『TERRACE HOUSE TOKYO 2019-2020』(Netflix先行配信)公式サイトより

 『TERRACE HOUSE TOKYO 2019-2020』(Netflix先行配信)公式サイトより 見ず知らずの男女6人が、シェアハウスで共同生活する様子を記録したリアリティ番組『テラスハウス』。現在、Netflixにて「TOKYO 2019-2020」が配信中で、ファンは個性豊かな面々の恋愛模様を、一喜一憂しながら、固唾を呑んで見守っている。

そんな『テラハ』を愛する“テラハウォッチャー”が、1月配信分から、グッときた“名(珍)シーン”をピックアップし、思いのままにレビューする。

凌の10分<トパスの10秒(テラスハウス29話)

 プロバスケットボール選手の凌は、プロレスラーの花とモデルのビビ、2人から好意を寄せられている。花のことはあからさまにけん制し始めるが、ビビには思わせぶりとも取れるあいまいな態度を取る。そのため最近の配信では、凌とビビのソファーでのツーショットシーンがやけに長く、29話では合計約10分も続いた。ソファー上で、ビビがアピールし、凌がどっちつかずの表情で受け流す、の繰り返しが、動きのない絵面で続く10分間は長い……。何かにつけ「ビビとは話ができる」と言っている凌だが、それほど面白みある会話ができているようには見えない。

 その一方、リリー・フランキーの付き人、トパスの29話での登場は一瞬。

主な発言はキッチンでの「氷嚢、探します。これです。すみません」だけだった。ソファー上の動かない凌の10分より、氷嚢を探すトパスの10秒の方が面白い。

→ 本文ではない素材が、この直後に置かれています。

(* Let $\lambda_1$ be a Dyck path of length $2n_1$ and $\lambda_2$ a Dyck path of length $2m_1$, and let $\lambda=\lambda_1\lambda_2$ be their concatenation. Then $$P_{\lambda,\lambda_0}=\genfrac{[}{]}{0pt}{}{n_1+m_1}{n_1}P_{\lambda_1,\lambda_0}P_{\lambda_2,\lambda_0}.$$
   Context: $[n]=\sum_{i=0}^{n-1}q^i$, $[n]!=\prod_{i=1}^n[i]$, $\genfrac{[}{]}{0pt}{}{n}{k}=[n]!/([k]![n-k]!)$. For a Dyck word $\lambda$: chords are matched $U$–$D$ pairs (parenthesis matching); $A(\lambda)$ is the rooted plane tree with one edge per chord, the edge of chord $c$ hanging directly below the edge of the innermost chord strictly containing $c$, or from the root if none; siblings ordered left to right. The capacity of a leaf edge (a chord whose $U$ is immediately followed by its $D$), with respect to $\lambda_0$ the all-$U$ word of the length of $\lambda$, is the number of $D$'s of $\lambda$ strictly to the left of that $U$. A labelling of Lascoux--Sch\''utzenberger type assigns non-negative integers to edges so that each edge's label is at most those of the edges directly below it, and each leaf edge's label is at most its capacity. $P_{\lambda,\lambda_0}=\sum q^{\text{sum of labels}}$ over these labellings. *)

(* Dyck words as seq bool: true = U, false = D. Positions are 0-based. *)
From HB Require Import structures.
From mathcomp Require Import all_boot all_order all_algebra.
Set Implicit Arguments. Unset Strict Implicit. Unset Printing Implicit Defensive.
Import GRing.Theory.
Local Open Scope ring_scope.

Definition qint (n : nat) : {poly rat} := \sum_(i < n) 'X^i.
Definition qfact (n : nat) : {poly rat} := \prod_(i < n) qint i.+1.
Definition qbinom (n k : nat) : {poly rat} := qfact n %/ (qfact k * qfact (n - k)).

Definition isU (w : seq bool) (i : nat) : bool := nth false w i.
Definition nU (s : seq bool) : nat := count id s.
Definition nD (s : seq bool) : nat := count negb s.

Definition dyck (w : seq bool) : bool :=
  (nU w == nD w) && [forall k : 'I_(size w).+1, nD (take k w) <= nU (take k w)]%N.

Definition seg (w : seq bool) (i j : nat) : seq bool := take (j - i).+1 (drop i w).

(* the U at position i is matched with the D at position j (parenthesis matching) *)
Definition is_match (w : seq bool) (i j : nat) : bool :=
  [&& (i < j)%N, isU w i, ~~ isU w j, nU (seg w i j) == nD (seg w i j)
   & [forall k : 'I_j, (i < k)%N ==> (nU (seg w i k) != nD (seg w i k))]].

Definition contains (w : seq bool) (c d : nat) : bool :=
  [exists j : 'I_(size w), is_match w c j && (c < d < j)%N].

Definition parent (w : seq bool) (c d : nat) : bool :=
  [&& isU w c, isU w d, contains w c d
   & [forall c' : 'I_(size w), (isU w c' && contains w c' d) ==> (c' <= c)%N]].

Definition leaf (w : seq bool) (c : nat) : bool := isU w c && ~~ isU w c.+1.

(* capacity (w.r.t. the all-U word): number of D's strictly left of the U *)
Definition cap (w : seq bool) (c : nat) : nat := nD (take c w).

(* Lascoux--Schuetzenberger labelling; labels are stored at the U-position of
   each chord, and non-chord (D) positions carry label 0 *)
Definition LSlabelling (w : seq bool) (f : nat -> nat) : bool :=
  [forall i : 'I_(size w),
     [&& (~~ isU w i) ==> (f i == 0%N),
         leaf w i ==> (f i <= cap w i)%N
       & [forall j : 'I_(size w), parent w i j ==> (f i <= f j)%N]]].

(* P_{w, w0}. Every LS labelling has all labels <= size w (each label is bounded
   by a leaf capacity below it, which is < size w), so labels in 'I_(size w).+1
   enumerate all labellings. *)
Definition Ppoly (w : seq bool) : {poly rat} :=
  \sum_(f : {ffun 'I_(size w) -> 'I_(size w).+1}
        | LSlabelling w (fun i => oapp (fun j : 'I_(size w) => nat_of_ord (f j)) 0%N (insub i)))
     'X^(\sum_(i < size w) nat_of_ord (f i)).

(* Write a Dyck word as the word of a plane forest, and generalise P by raising
   every leaf capacity by [c] and requiring every root label to be at least [x].
   The generalised sum is multiplicative under concatenation, the right factor
   seeing its capacities raised by the number of D's on the left.  Wrapping a
   forest under a new root sums over the label of that root, which the
   q-hockey-stick identity evaluates; by induction, for a forest with [k] nodes
   and [x <= c] the sum is q^(x k) [k + c - x, k] P_F.  For the concatenation
   [l1 l2] the factor of [l2] has [c = n1] and [x = 0], i.e. it is
   [m1 + n1, m1] P_l2. *)

From mathcomp Require Import all_boot all_order all_algebra.
From mathcomp Require Import zify ring.
Set Implicit Arguments. Unset Strict Implicit. Unset Printing Implicit Defensive.
Import GRing.Theory Num.Theory.

Section QBinomial.
Local Open Scope ring_scope.

(* Division-free Gaussian binomials (q-Pascal rule); [qbinomE] relates them to
   [qbinom]. *)
Fixpoint qbin (n k : nat) : {poly rat} :=
  match n, k with
  | _, 0%N => 1
  | 0%N, _.+1 => 0
  | n'.+1, k'.+1 => qbin n' k' + 'X^(k'.+1) * qbin n' k'.+1
  end.

Lemma qbin0 n : qbin n 0 = 1. Proof. by case: n. Qed.

Lemma qbin_small n k : (n < k)%N -> qbin n k = 0.
Proof. by elim: n k => [|n IHn] [|k] //= lt_n_k; rewrite !IHn ?mulr0 ?addr0 // ltnW. Qed.

Lemma qbinn n : qbin n n = 1.
Proof. by elim: n => //= n ->; rewrite qbin_small ?mulr0 ?addr0. Qed.

Lemma qintD m n : qint (m + n) = qint m + 'X^m * qint n.
Proof.
rewrite /qint big_split_ord /= mulr_sumr; congr (_ + _).
by apply: eq_bigr => i _; rewrite exprD.
Qed.

Lemma qint0 : qint 0 = 0.
Proof. by rewrite /qint big_ord0. Qed.

Lemma qfactS n : qfact n.+1 = qfact n * qint n.+1.
Proof. by rewrite /qfact big_ord_recr. Qed.

Lemma qfact0 : qfact 0 = 1.
Proof. by rewrite /qfact big_ord0. Qed.

Lemma qfact_neq0 n : qfact n != 0.
Proof.
apply/prodf_neq0 => i _; apply/eqP => /(congr1 (horner^~ 1)).
rewrite horner_sum (eq_bigr (fun=> 1)) => [|j _]; last by rewrite hornerXn expr1n.
by rewrite sumr_const card_ord horner0 => /eqP; rewrite pnatr_eq0.
Qed.

Lemma qbin_fact n k : (k <= n)%N -> qbin n k * (qfact k * qfact (n - k)) = qfact n.
Proof.
elim: n k => [|n IHn] [|k] // lekn; rewrite ?qbin0 ?qfact0 ?subn0 ?mul1r //.
rewrite [qbin _ _]/= subSS [RHS]qfactS.
have -> : qint n.+1 = qint k.+1 + 'X^(k.+1) * qint (n - k).
  by rewrite -qintD; congr qint; lia.
have IHk : qbin n k * (qfact k.+1 * qfact (n - k)) = qfact n * qint k.+1.
  by rewrite qfactS -(IHn k lekn); ring.
have IHk1 : qbin n k.+1 * (qfact k.+1 * qfact (n - k)) = qfact n * qint (n - k).
  have [ltkn | lenk] := ltnP k n.
    have -> : (n - k = (n - k.+1).+1)%N by lia.
    by rewrite (qfactS (n - k.+1)) -(IHn k.+1 ltkn); ring.
  have -> : (n - k = 0)%N by lia.
  by rewrite qbin_small // qint0 mul0r mulr0.
by rewrite mulrDl -mulrA IHk1 IHk; ring.
Qed.

Lemma qbin_factD a b : qbin (a + b) a * (qfact a * qfact b) = qfact (a + b).
Proof. by have := qbin_fact (leq_addr b a); rewrite addKn. Qed.

Lemma qbin_sym a b : qbin (a + b) a = qbin (a + b) b.
Proof.
apply: (mulIf (mulf_neq0 (qfact_neq0 a) (qfact_neq0 b))).
by rewrite qbin_factD [qfact a * _]mulrC [in RHS]addnC qbin_factD addnC.
Qed.

Lemma qbinomE n k : (k <= n)%N -> qbinom n k = qbin n k.
Proof.
move=> lekn; rewrite /qbinom -(qbin_fact lekn) mulpK //.
by rewrite mulf_neq0 ?qfact_neq0.
Qed.

Lemma qbin_trinomial a b m :
  qbin (a + m) a * qbin (b + (a + m)) b = qbin (a + b + m) (a + b) * qbin (a + b) b.
Proof.
have nz : qfact a * qfact b * qfact m != 0 by rewrite !mulf_neq0 ?qfact_neq0.
apply: (mulIf nz); transitivity (qfact (b + (a + m))).
  by rewrite -(qbin_factD b) -(qbin_factD a m); ring.
rewrite (_ : b + (a + m) = a + b + m)%N; last by lia.
by rewrite -(qbin_factD (a + b) m) -(qbin_factD a b) (qbin_sym a b); ring.
Qed.

Lemma qbin_hockey a x c : (x <= c)%N ->
  \sum_(x <= y < c.+1) 'X^(y * a.+1) * qbin (a + (c - y)) a
  = 'X^(x * a.+1) * qbin (a.+1 + (c - x)) a.+1.
Proof.
move=> lexc; move Ed: (c - x)%N => d; elim: d x lexc Ed => [|d IHd] x lexc Ed.
  have -> : x = c by lia.
  by rewrite big_nat1 subnn !addn0 !qbinn.
rewrite big_ltn ?IHd ?Ed; [|lia..].
rewrite addSnnS (_ : a.+1 + d.+1 = (a + d.+1).+1)%N // [in RHS]/= mulrDr.
by rewrite mulrA -exprD mulSnr.
Qed.
End QBinomial.

Section Matching.
Implicit Types (w u v a : seq bool) (i j k c d : nat).

Lemma nU_cat u v : nU (u ++ v) = nU u + nU v. Proof. exact: count_cat. Qed.
Lemma nD_cat u v : nD (u ++ v) = nD u + nD v. Proof. exact: count_cat. Qed.

Lemma isU_lt_size w i : isU w i -> i < size w.
Proof. by rewrite /isU; case: ltnP => // le_w_i; rewrite nth_default. Qed.

Lemma isU_catl u v i : i < size u -> isU (u ++ v) i = isU u i.
Proof. by move=> lt_i_u; rewrite /isU nth_cat lt_i_u. Qed.

Lemma isU_catr u v i : isU (u ++ v) (size u + i) = isU v i.
Proof. by rewrite /isU nth_cat ltnNge leq_addr addKn. Qed.

Lemma seg_catl u v i j : i <= j < size u -> seg (u ++ v) i j = seg u i j.
Proof.
move=> /andP[le_i_j lt_j_u]; rewrite /seg drop_cat; case: ltnP => [_|]; last by lia.
by rewrite takel_cat // size_drop; lia.
Qed.

Lemma seg_catr u v i j : seg (u ++ v) (size u + i) (size u + j) = seg v i j.
Proof. by rewrite /seg subnDl addnC -drop_drop drop_size_cat. Qed.

Lemma is_matchP w i j : reflect
  [/\ i < j, isU w i, ~~ isU w j, nU (seg w i j) = nD (seg w i j)
    & forall k, i < k < j -> nU (seg w i k) <> nD (seg w i k)]
  (is_match w i j).
Proof.
apply: (iffP and5P) => [[lt_i_j Ui Dj /eqP bal /forallP inner]|[lt_i_j Ui Dj bal inner]].
  split=> // k /andP[lt_i_k lt_k_j].
  by move: (inner (Ordinal lt_k_j)); rewrite /= lt_i_k => /eqP.
split=> //; first exact/eqP.
by apply/forallP => k; apply/implyP => lt_i_k; apply/eqP/inner; rewrite lt_i_k ltn_ord.
Qed.

Lemma is_match_isU w i j : is_match w i j -> isU w i.
Proof. by case/is_matchP. Qed.

Lemma is_match_uniq w i j j' : is_match w i j -> is_match w i j' -> j = j'.
Proof.
move=> /is_matchP[lt_i_j _ _ bal_j inner] /is_matchP[lt_i_j' _ _ bal_j' inner'].
case: (ltngtP j j') => // [lt_j_j' | lt_j'_j].
  by case: (inner' j); rewrite ?lt_i_j.
by case: (inner j'); rewrite ?lt_i_j'.
Qed.

Lemma is_match_catl u v i j : j < size u -> is_match (u ++ v) i j = is_match u i j.
Proof.
move=> lt_j_u; apply/is_matchP/is_matchP => -[lt_i_j Ui Dj bal inner].
all: have lt_i_u : i < size u by apply: ltn_trans lt_j_u.
all: have seg_cat k : i <= k <= j -> seg (u ++ v) i k = seg u i k
       by case/andP=> le_i_k le_k_j; rewrite seg_catl //; apply/andP; split; lia.
all: have seg_ij : seg (u ++ v) i j = seg u i j by rewrite seg_cat // (ltnW lt_i_j) leqnn.
  rewrite (isU_catl v lt_i_u) (isU_catl v lt_j_u) seg_ij in Ui Dj bal.
  by split=> // k lt_ijk; have := inner k lt_ijk; rewrite seg_cat //; lia.
rewrite (isU_catl v lt_i_u) (isU_catl v lt_j_u) seg_ij.
by split=> // k lt_ijk; rewrite seg_cat; [apply: inner | lia].
Qed.

Lemma is_match_catr u v i j :
  is_match (u ++ v) (size u + i) (size u + j) = is_match v i j.
Proof.
apply/is_matchP/is_matchP => -[lt_i_j Ui Dj bal inner].
  rewrite ltn_add2l !isU_catr seg_catr in lt_i_j Ui Dj bal.
  split=> // k lt_ijk; rewrite -(seg_catr u); apply: inner.
  by rewrite !ltn_add2l.
rewrite ltn_add2l !isU_catr seg_catr; split=> // k lt_ijk.
by rewrite -(subnKC (_ : size u <= k)) ?seg_catr; [apply: inner | ]; lia.
Qed.

Definition matched u := forall i, isU u i -> exists2 j, j < size u & is_match u i j.

Lemma is_match_cat u v i j : matched u -> i < size u ->
  is_match (u ++ v) i j = (j < size u) && is_match u i j.
Proof.
move=> mu lt_i_u; case: ltnP => [|le_u_j]; first exact: is_match_catl.
apply/negP => mij; have := is_match_isU mij; rewrite isU_catl // => /mu[j' lt_j'_u].
by rewrite -(is_match_catl v) // => /(is_match_uniq mij); lia.
Qed.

“普通の21歳”を出す愛華(テラスハウス第30話、31話)

 トパスから「明らかにビビちゃんと花ちゃんには持ってない感情を愛華には持ってる」「見た目通りじゃないのが魅力的」と告げられた大学生(休学中)の愛華。「慣れてる子、キャバクラみたいって(視聴者に)言われてるけど、普通の21歳だからさ。それに気付いてくれてうれしい」と喜び、ほぼ両思いな雰囲気に。

 別の日の昼下がり、2人は至近距離でソファーに寝そべり、「はあ、まったり休日」「天気いい」「今日暖かい」「ねっ」と熟年夫婦のような会話を交わし、スマホをいじる。31話でも同じ体勢で寝そべり、「クリスマスソング聞いてた♪」という2人。「ザギンでシースー」発言などなかったように、“普通の21歳”感を出してくる愛華の底はまだ知れない。

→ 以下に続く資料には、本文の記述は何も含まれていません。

Lemma acyclic_leaf :
  (exists x y, E x y) -> exists v u, E v u /\ forall u', E v u' -> u' = u.
Proof.
move=> [x0 [y0 E0]]; apply: contrapT => no_leaf.
have second_nbr v u : E v u -> exists2 z, E v z & z != u.
  move=> Evu; apply: contrapT => no_second; apply: no_leaf; exists v, u.
  by split => // u' Evu'; apply: contrapT => u'u; apply: no_second; exists u' => //; apply/eqP.
have long_path k : exists e p s, [/\ uniq [:: e, p & s], walk E e (p :: s) & size s = k].
  elim: k => [|k [e [p [s [uniq_eps walk_eps <-]]]]].
    exists x0, y0, [::]; split => //=.
    by rewrite inE andbT; apply/eqP => xy; move: E0; rewrite xy; exact: E_irr.
  have [z Eez zp] := second_nbr e p walk_eps.1.
  exists z, e, (p :: s); split => //; last by split => //; apply: E_sym.
  by rewrite cons_uniq uniq_eps andbT acyclic_walk_fresh.
have [e [p [s [uniq_eps _ size_s]]]] := long_path #|T|.
have := max_card (mem [:: e, p & s]); by rewrite (card_uniqP uniq_eps) /= size_s ltnNge leqnSn.
Qed.

End Leaf.

Lemma leaf_edge_count (T : finType) (E : T -> T -> Prop) v u :
  (forall x y, E x y -> E y x) -> (forall x, ~ E x x) ->
  E v u -> (forall u', E v u' -> u' = u) ->
  \sum_x \sum_y `[< E x y >] = \sum_x \sum_y `[< E x y /\ x <> v /\ y <> v >] + 2.
Proof.
move=> E_sym E_irr Evu leaf_v.
pose E' x y := E x y /\ x <> v /\ y <> v.
have edge_split x y : (`[< E x y >] : nat) = `[< E' x y >]
    + (if x == v then nat_of_bool `[< E x y >] else 0)
    + (if y == v then nat_of_bool `[< E x y >] else 0).
  case: (asboolP (E x y)) => [Exy | nExy]; last by rewrite asboolF ?if_same // => -[].
  have [xv | xv] := eqVneq x v.
    rewrite asboolF; last by case=> _ [].
    by have [yv | //] := eqVneq y v; move: Exy; rewrite xv yv => /E_irr.
  have [yv | yv] := eqVneq y v; first by rewrite asboolF //; case=> _ [].
  by rewrite asboolT //; split => //; split; apply/eqP.
have deg_v x : (\sum_y if x == v then nat_of_bool `[< E x y >] else 0) = (x == v).
  have [-> | _] := eqVneq x v; last by rewrite big1.
  rewrite (bigD1 u) //= asboolT // big1 // => y yu; rewrite asboolF // => /leaf_v yu'.
  by rewrite yu' eqxx in yu.
under eq_bigr => x _ do under eq_bigr => y _ do rewrite edge_split.
under eq_bigr => x _ do rewrite !big_split /= deg_v -(big_mkcond (pred1 v)) big_pred1_eq.
rewrite !big_split /= -addnA; congr (_ + _).
rewrite (bigD1 v) //= eqxx big1 => [|x /negbTE -> //].
rewrite (bigD1 u) //= (asboolT (E_sym _ _ Evu)) big1 // => x xu.
by rewrite asboolF // => /E_sym /leaf_v xu'; rewrite xu' eqxx in xu.
Qed.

 「今起きている全てが自分の責任」「愛は自分の中で作るもの」など、自己啓発書から飛び出してきたようなポジティブ発言が得意なビビ。スタンドアップコメディアン志望の快が、ネタで滑って落ち込んでいると、ビビは「自分の一番悩んでることある? それをテーマにした方が一番熱く話せるじゃん」と相談に乗ろうとする。快が「何で生きてんのか、っていうのが一番多い」と答えると、ビビは「本当にそれ考えてるの!?」と呆れ気にツッコみ、「かっこいいから今言っただけじゃなくて!? 本当にそれを?」と疑いの目を向けていた。

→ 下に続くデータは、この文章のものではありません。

Lemma sum_letter_joint xt : \sum_x letter_joint xt x = P xt.
Proof.
have := sum_letter_joint_weighted (fun a _ => (xt == a)%:R).
under eq_bigr do rewrite -big_distrl /= mulrC.
rewrite sum_indicator => ->; rewrite (code_mean_cover (fun xs => _)).
under eq_bigr do rewrite mulrCA mulr_sumr.
rewrite -big_distrr /= exchange_big /=.
under eq_bigr do rewrite (prodP_marginal (proj2 P_distr) (fun t => (xt == t)%:R)).
under eq_bigr do under eq_bigr do rewrite mulrC.
under eq_bigr do rewrite sum_indicator.
by rewrite sumr_const card_ord -[P xt *+ _]mulr_natl mulKf // pnatr_eq0 -lt0n.
Qed.

Lemma letter_joint_ge0 xt x : 0 <= letter_joint xt x.
Proof.
apply: code_mean_ge0 => xs m k; rewrite mulr_ge0 ?invr_ge0 ?ler0n ?sumr_ge0 //.
by move=> i _; rewrite mulr_ge0 ?ler0n.
Qed.

Lemma letter_joint_eq0 xt x : P xt = 0 -> letter_joint xt x = 0.
Proof.
by rewrite -sum_letter_joint => /psumr_eq0P; apply => // x' _; exact: letter_joint_ge0.
Qed.

(* At cover letters of probability zero any distribution will do. *)
Definition code_channel xt x : R :=
  if P xt == 0 then #|X|%:R^-1 else letter_joint xt x / P xt.

Lemma mul_code_channel xt x : code_channel xt x * P xt = letter_joint xt x.
Proof.
rewrite /code_channel; have [P0|P_neq0] := eqVneq (P xt) 0.
  by rewrite P0 mulr0 letter_joint_eq0.
by rewrite divfK.
Qed.

Lemma code_channel_is_channel : is_channel code_channel.
Proof.
move=> xt; rewrite /code_channel; have [P0|P_neq0] := eqVneq (P xt) 0.
  by split=> [x|]; [rewrite invr_ge0 ler0n | apply/sum_uniform/card_gt0P; exists xt].
split=> [x|]; last by rewrite -mulr_suml sum_letter_joint mulfV.
by rewrite divr_ge0 ?letter_joint_ge0 //; case: P_distr.
Qed.

Lemma code_channel_admissible (d : X -> X -> R) (D : R) :
  avg_distortion f P d <= D -> admissible_channels P d D code_channel.
Proof.
split; first exact: code_channel_is_channel.
rewrite /channel_distortion.
under eq_bigr do under eq_bigr do rewrite -mulrA mul_code_channel mulrC.
by rewrite sum_letter_joint_weighted.
Qed.

Definition stego_surprisal xs m k : R :=
  \sum_i - log2 (code_channel (tnth xs i) (tnth (f xs m k) i)).

Lemma cond_entropy_code_channel :
  N%:R * cond_entropy P code_channel = code_mean stego_surprisal.
Proof.
have pointwise xt x : P xt * negxlog2 (code_channel xt x) =
                      letter_joint xt x * - log2 (code_channel xt x).
  rewrite -mul_code_channel /negxlog2.
  by case: eqVneq => [->|_]; rewrite ?mulr0 ?mul0r // !mulrN mulrCA mulrA.
rewrite /cond_entropy; under eq_bigr do rewrite mulr_sumr.
under eq_bigr do under eq_bigr do rewrite pointwise.
rewrite sum_letter_joint_weighted code_meanZ; apply: eq_code_mean => xs m k.
by rewrite mulrA mulfV ?mul1r // pnatr_eq0 -lt0n.
Qed.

 コメディーのネタにするにしては「何で生きてるのか」は確かにざっくりしすぎているかもしれない。しかし、「何で生きているのか」というそもそもの部分に疑問を持っておらず、「本当にそれ考えてるの!?」と言えちゃうタイプのビビだからこそ、あそこまでポジティブ&正論を誇って生きていけるのかもしれないと納得した。

愛華、高みの見物(テラスハウス第30話、31話)

 ハッキリしない凌に振り回される花とビビ。愛華は「凌くんに聞いちゃおうかな、もう!」と張り切り、凌をプレイルームに呼び出した。凌から、花への気持ちはないこと、ビビに対しても「きれいだと思うし、話ができる。けど、遠距離恋愛する気はない」と進展させる気がないことを聞き出した。

 だが、花とビビの待つ女子部屋に戻ると、「いろんな話、できた~」ととぼけるのみ。花は詳しく知りたがるが、「当事者じゃないから……。でも聞けて良かった」と思わせぶりに言うだけで、花にもビビにも「まだわからないよ、(凌は気持ちを)出してないだけかもしれないじゃん。どうしようっていう段階だと思う」と、なぜか知り得た情報とは逆のことを言って微笑む。

 その表情には、精神的余裕を取り戻した、愛華の“高みの見物”感がよく現れている。その余裕は、トパスから好意を寄せられたこと、また、トパスが「自分を叩く視聴者」に言いたいことを全部代弁してくれたことにより、生まれたものだろう。

なんとも素晴らしい表情であった。

 凌は結局、花に対し、“花にもビビにも特別な感情がない”と自分で告げる。だが、ビビには“気持ちはあるけど夢を応援したいから”と別のことを言う。女子3人が部屋にそろい、凌の発言を照らし合わせ、ビビは凌の二枚舌に「マジでヤダ、超腹立つ!」とキレる。

 すると愛華は、凌がテラハに入った理由を「私はもう勝手に売名って思ってるよ」と言い放った。テラハに売名目的なしで入る人はいないと思っていたので、「自分自身もメンバーなのに、売名を堂々と非難する愛華って、逆に何のためにテラハに出たのだろう?」と考え込んでしまった。

トパスとの恋がうまくいっていても、愛華の暗躍は続きそう。大いに期待したい。